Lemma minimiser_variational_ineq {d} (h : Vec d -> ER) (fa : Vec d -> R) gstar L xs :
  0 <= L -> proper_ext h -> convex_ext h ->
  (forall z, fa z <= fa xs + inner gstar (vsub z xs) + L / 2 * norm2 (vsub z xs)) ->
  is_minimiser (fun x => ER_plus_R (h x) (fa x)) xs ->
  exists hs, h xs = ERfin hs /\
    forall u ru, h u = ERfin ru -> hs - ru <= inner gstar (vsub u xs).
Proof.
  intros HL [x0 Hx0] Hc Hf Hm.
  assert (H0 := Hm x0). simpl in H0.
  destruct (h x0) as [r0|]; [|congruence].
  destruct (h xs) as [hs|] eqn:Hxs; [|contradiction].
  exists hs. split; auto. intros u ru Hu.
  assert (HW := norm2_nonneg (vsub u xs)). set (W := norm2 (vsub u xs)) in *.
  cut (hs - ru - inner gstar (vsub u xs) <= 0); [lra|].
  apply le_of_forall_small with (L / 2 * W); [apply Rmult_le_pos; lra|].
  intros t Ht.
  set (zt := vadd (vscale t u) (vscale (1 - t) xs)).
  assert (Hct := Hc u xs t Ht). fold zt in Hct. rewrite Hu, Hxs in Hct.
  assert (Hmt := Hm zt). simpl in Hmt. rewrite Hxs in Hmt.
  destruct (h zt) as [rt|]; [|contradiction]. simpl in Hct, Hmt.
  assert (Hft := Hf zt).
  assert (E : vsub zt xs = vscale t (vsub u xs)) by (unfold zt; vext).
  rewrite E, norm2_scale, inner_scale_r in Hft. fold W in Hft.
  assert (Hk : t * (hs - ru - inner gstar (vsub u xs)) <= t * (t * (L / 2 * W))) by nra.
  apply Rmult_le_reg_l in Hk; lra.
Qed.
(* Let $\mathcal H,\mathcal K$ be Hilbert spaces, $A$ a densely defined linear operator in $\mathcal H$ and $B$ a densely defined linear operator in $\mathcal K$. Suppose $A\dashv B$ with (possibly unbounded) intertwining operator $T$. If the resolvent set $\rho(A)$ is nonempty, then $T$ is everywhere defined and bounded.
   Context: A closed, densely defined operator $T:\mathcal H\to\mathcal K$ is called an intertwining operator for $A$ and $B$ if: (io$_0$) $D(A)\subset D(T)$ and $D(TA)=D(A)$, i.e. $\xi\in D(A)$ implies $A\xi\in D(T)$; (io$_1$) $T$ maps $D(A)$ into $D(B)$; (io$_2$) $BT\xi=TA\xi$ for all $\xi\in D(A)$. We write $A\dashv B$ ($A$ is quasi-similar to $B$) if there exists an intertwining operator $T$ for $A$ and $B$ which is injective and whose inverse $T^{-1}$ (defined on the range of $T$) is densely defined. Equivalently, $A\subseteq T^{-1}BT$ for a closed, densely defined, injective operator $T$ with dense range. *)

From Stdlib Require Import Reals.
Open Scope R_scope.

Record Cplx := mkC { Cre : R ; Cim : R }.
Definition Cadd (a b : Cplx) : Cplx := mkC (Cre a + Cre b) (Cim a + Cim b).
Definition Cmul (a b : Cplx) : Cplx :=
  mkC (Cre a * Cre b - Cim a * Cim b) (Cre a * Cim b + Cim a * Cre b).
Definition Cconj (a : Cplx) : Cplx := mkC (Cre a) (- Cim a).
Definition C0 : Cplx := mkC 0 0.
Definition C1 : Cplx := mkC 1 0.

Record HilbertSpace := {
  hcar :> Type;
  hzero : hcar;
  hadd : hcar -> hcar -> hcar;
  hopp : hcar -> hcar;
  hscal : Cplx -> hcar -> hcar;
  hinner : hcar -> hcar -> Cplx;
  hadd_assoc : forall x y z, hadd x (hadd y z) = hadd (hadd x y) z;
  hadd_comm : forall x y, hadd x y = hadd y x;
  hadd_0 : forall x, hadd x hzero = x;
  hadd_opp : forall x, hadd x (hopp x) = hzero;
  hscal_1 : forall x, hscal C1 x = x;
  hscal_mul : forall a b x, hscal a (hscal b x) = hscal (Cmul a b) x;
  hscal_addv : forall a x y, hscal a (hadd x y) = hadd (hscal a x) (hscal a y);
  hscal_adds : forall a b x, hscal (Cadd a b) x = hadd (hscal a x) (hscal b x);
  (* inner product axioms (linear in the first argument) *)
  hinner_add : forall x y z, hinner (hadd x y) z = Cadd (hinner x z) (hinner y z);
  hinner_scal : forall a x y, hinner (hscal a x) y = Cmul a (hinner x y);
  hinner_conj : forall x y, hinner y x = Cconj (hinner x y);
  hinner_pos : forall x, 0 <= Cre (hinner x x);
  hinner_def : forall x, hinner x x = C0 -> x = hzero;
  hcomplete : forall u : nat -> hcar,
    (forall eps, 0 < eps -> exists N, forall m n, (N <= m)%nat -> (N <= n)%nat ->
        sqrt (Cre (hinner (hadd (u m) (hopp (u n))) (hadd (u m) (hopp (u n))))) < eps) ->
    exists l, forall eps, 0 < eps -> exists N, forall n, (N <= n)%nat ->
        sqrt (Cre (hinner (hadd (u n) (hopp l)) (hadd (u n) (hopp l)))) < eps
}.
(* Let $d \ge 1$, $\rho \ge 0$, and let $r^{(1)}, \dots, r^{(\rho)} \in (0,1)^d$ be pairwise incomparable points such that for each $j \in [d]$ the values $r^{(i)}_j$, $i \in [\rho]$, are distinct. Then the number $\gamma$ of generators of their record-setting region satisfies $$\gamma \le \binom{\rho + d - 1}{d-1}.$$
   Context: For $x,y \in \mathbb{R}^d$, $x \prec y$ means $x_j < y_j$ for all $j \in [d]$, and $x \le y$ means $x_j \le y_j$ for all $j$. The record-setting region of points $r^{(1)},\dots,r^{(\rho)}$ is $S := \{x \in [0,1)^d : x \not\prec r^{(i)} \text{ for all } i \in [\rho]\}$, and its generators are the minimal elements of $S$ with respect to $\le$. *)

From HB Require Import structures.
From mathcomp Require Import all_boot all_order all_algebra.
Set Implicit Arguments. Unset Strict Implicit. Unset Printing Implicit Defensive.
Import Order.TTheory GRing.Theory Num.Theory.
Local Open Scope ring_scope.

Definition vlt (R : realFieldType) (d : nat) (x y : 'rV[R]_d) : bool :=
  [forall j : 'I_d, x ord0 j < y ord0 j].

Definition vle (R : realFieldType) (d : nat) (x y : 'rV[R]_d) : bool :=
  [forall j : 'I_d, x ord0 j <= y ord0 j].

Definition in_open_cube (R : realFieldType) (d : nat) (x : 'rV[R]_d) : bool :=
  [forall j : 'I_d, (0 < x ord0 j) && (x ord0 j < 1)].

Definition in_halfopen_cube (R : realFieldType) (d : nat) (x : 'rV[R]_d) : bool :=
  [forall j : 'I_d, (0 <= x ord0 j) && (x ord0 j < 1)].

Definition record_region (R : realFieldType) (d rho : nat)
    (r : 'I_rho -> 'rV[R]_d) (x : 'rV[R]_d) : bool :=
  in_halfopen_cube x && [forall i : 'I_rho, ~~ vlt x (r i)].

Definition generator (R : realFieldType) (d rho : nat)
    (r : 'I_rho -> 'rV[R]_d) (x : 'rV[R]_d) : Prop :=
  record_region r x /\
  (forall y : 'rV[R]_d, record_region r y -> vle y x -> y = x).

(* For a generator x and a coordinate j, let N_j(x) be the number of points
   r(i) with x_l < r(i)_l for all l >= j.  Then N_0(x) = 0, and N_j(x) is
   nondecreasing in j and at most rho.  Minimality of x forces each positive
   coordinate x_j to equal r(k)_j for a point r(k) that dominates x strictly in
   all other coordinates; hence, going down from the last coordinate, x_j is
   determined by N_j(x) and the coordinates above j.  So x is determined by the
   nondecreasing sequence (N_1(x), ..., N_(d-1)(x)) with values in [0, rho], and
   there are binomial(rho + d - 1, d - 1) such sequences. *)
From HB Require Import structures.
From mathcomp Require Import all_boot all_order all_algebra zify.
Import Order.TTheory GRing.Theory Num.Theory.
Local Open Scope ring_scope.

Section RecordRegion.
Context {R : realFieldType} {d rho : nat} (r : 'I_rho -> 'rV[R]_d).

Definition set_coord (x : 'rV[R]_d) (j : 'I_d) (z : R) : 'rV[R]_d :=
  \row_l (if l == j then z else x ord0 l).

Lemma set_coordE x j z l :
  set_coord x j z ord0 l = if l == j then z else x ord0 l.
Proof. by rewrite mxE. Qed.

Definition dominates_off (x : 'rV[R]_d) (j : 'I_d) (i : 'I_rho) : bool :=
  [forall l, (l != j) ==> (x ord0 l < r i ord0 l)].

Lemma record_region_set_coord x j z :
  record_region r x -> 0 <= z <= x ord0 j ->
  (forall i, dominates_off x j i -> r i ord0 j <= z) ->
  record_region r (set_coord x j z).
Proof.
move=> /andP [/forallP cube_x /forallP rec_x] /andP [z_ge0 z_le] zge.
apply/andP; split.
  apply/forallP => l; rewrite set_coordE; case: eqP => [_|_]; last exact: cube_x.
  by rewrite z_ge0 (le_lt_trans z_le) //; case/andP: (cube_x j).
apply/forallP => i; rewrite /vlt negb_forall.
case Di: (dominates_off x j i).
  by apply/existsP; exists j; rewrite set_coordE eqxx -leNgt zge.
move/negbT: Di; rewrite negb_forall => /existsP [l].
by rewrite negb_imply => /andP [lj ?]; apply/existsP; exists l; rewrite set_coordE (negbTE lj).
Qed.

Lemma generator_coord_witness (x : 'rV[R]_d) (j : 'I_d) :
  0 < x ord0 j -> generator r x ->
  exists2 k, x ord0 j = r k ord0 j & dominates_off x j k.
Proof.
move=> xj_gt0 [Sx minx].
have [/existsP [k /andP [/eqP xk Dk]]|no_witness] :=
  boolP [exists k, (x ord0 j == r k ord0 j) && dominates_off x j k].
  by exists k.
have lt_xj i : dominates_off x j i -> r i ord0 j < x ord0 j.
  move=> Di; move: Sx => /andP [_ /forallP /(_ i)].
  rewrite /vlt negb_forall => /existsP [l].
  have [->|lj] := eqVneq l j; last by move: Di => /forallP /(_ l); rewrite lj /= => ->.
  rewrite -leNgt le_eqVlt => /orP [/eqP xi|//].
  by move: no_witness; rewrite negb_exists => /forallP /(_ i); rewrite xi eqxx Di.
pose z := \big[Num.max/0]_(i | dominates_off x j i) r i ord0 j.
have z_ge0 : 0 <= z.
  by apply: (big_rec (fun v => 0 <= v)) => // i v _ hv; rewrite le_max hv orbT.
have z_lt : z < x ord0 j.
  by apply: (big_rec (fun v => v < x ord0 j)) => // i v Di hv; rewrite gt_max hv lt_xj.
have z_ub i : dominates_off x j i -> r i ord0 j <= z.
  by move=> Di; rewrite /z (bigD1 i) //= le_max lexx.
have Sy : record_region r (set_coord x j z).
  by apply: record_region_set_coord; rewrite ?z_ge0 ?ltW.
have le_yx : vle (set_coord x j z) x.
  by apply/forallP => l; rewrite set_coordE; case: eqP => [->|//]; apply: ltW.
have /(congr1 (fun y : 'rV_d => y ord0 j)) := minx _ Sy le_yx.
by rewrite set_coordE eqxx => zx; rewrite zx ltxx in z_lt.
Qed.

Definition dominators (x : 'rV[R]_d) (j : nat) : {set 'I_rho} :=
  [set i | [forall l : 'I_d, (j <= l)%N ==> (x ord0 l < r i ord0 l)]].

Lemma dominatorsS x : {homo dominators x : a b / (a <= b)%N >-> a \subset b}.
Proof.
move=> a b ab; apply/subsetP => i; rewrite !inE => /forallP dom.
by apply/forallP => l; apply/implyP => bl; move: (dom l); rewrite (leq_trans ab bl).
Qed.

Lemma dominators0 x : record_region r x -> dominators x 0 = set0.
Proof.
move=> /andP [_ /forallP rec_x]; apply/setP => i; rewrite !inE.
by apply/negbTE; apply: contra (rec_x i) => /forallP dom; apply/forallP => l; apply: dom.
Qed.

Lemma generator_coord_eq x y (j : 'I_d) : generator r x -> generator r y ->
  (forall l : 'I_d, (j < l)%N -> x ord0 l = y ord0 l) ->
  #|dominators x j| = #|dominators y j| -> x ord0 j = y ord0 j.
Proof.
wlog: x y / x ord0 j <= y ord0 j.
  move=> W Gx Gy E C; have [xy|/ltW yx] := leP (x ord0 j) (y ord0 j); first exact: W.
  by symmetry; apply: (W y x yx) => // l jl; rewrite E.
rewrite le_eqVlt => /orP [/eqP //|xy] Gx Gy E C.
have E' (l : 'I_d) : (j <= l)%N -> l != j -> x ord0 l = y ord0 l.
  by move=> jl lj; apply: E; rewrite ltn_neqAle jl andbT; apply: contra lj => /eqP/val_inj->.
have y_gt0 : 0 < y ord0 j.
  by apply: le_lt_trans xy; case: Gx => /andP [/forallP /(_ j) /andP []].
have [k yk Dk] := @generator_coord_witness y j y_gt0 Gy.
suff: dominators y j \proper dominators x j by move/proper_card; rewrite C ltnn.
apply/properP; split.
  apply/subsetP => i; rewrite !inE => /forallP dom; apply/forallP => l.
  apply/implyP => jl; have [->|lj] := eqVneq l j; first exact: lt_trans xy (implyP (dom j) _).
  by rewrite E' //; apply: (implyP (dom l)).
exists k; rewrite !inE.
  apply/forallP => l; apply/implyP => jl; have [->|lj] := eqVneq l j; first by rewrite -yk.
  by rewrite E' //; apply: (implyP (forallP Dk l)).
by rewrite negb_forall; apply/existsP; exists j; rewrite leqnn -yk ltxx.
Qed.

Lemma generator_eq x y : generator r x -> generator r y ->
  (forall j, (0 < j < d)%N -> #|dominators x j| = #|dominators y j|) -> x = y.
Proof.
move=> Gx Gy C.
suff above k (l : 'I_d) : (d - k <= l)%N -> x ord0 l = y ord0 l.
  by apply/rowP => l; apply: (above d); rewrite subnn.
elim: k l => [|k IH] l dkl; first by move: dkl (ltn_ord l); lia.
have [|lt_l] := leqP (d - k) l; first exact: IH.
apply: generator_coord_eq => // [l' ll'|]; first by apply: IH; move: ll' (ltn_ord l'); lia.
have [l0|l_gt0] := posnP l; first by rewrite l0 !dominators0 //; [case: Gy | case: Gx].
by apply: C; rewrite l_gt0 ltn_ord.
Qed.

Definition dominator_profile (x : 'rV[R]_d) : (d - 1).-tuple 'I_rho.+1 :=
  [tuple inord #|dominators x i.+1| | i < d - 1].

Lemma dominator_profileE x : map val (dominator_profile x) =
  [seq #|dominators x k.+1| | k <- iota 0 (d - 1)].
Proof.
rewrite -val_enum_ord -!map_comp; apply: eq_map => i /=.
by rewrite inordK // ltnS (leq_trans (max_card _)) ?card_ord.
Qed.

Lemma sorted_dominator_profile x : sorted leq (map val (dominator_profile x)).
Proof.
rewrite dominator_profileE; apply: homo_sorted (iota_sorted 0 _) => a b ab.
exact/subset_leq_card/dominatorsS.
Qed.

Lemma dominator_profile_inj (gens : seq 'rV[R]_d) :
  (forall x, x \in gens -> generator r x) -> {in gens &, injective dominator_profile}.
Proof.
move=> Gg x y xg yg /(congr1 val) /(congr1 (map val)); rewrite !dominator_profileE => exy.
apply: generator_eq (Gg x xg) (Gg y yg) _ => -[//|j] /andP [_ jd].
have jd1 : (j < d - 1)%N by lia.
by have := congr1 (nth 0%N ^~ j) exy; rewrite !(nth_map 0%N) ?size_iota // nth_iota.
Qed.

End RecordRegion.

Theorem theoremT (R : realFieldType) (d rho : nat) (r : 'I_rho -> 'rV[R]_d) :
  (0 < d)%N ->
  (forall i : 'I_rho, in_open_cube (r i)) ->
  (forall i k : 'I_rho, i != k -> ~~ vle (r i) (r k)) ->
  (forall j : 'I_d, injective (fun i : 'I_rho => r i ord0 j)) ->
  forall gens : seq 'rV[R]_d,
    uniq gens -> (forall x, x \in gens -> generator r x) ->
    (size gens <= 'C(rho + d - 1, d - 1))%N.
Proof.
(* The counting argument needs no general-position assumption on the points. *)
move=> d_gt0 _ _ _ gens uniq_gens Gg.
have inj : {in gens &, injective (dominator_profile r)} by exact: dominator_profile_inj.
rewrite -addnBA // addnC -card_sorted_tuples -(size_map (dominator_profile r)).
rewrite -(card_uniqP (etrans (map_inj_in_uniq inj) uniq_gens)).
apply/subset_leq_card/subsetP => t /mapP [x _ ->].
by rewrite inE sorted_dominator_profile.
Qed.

==

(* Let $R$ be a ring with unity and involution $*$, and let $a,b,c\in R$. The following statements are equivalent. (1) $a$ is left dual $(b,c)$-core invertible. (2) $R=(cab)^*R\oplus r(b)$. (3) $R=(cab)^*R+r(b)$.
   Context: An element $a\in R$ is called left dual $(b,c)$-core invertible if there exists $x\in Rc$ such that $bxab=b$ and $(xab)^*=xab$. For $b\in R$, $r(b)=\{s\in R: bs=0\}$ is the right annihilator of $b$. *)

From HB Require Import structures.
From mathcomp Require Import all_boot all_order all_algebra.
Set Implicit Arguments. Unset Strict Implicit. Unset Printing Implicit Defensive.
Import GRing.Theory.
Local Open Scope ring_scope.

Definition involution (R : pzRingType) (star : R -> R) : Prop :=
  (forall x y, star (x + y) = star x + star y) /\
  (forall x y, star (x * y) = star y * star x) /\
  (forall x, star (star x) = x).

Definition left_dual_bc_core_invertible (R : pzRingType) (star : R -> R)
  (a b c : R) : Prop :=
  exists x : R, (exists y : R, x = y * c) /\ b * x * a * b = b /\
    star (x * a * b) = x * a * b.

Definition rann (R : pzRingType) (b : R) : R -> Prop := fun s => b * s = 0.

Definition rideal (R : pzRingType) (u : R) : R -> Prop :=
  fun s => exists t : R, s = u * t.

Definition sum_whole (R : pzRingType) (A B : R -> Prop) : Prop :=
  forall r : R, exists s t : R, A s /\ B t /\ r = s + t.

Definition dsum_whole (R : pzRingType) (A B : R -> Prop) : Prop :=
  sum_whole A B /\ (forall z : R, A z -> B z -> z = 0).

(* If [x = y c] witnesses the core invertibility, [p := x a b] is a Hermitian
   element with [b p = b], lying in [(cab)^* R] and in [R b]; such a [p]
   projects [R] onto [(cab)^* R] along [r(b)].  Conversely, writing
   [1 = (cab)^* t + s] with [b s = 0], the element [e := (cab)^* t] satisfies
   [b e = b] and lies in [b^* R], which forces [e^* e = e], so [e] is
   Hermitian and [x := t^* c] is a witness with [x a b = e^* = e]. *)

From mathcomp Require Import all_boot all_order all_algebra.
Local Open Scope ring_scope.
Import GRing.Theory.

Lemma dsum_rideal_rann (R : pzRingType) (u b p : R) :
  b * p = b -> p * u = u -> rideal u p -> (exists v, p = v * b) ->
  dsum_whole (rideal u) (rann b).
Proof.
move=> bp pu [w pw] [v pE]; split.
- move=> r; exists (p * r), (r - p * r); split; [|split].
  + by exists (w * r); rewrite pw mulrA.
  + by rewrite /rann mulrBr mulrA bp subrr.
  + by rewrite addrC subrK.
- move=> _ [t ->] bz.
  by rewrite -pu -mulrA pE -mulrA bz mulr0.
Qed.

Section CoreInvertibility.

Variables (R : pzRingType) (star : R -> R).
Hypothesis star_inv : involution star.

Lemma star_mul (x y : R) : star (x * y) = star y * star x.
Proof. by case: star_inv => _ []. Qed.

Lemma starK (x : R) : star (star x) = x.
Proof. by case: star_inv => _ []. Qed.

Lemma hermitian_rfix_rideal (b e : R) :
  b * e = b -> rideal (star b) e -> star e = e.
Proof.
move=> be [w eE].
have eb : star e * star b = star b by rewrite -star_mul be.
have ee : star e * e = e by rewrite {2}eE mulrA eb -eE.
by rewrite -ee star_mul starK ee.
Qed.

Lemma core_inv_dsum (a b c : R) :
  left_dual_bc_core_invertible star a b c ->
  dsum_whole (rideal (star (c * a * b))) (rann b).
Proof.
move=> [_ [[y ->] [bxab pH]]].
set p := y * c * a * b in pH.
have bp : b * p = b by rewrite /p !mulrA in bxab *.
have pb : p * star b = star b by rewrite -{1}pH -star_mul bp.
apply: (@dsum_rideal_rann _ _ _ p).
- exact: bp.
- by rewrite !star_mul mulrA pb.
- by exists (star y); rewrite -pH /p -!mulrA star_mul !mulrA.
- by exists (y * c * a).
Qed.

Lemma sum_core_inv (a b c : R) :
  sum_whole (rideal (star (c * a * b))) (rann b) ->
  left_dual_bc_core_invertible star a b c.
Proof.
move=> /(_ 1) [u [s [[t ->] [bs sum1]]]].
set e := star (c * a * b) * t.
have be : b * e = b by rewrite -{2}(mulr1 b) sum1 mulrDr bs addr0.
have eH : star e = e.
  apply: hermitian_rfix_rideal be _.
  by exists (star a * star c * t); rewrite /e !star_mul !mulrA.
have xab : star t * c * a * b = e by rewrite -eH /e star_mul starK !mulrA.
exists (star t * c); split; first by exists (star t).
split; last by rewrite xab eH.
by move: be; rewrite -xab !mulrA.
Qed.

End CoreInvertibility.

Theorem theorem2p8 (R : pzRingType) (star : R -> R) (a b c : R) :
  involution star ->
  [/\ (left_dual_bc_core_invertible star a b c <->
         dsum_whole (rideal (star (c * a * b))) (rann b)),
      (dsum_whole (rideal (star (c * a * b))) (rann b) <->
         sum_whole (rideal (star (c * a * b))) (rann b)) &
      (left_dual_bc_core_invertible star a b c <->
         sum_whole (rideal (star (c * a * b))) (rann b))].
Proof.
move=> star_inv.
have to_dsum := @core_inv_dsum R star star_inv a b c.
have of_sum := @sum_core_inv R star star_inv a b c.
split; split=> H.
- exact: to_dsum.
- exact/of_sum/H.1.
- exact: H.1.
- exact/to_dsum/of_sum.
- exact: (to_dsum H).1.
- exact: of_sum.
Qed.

* _Your task_
Nothing should appear in the answer except the lines above from the line with "Definition dominators (x" through the line with "Lemma generator_coord_eq x", both included, written out exactly.

* _Solution below_
Definition dominators (x : 'rV[R]_d) (j : nat) : {set 'I_rho} :=
  [set i | [forall l : 'I_d, (j <= l)%N ==> (x ord0 l < r i ord0 l)]].

Lemma dominatorsS x : {homo dominators x : a b / (a <= b)%N >-> a \subset b}.
Proof.
move=> a b ab; apply/subsetP => i; rewrite !inE => /forallP dom.
by apply/forallP => l; apply/implyP => bl; move: (dom l); rewrite (leq_trans ab bl).
Qed.

Lemma dominators0 x : record_region r x -> dominators x 0 = set0.
Proof.
move=> /andP [_ /forallP rec_x]; apply/setP => i; rewrite !inE.
by apply/negbTE; apply: contra (rec_x i) => /forallP dom; apply/forallP => l; apply: dom.
Qed.

Lemma generator_coord_eq x y (j : 'I_d) : generator r x -> generator r y ->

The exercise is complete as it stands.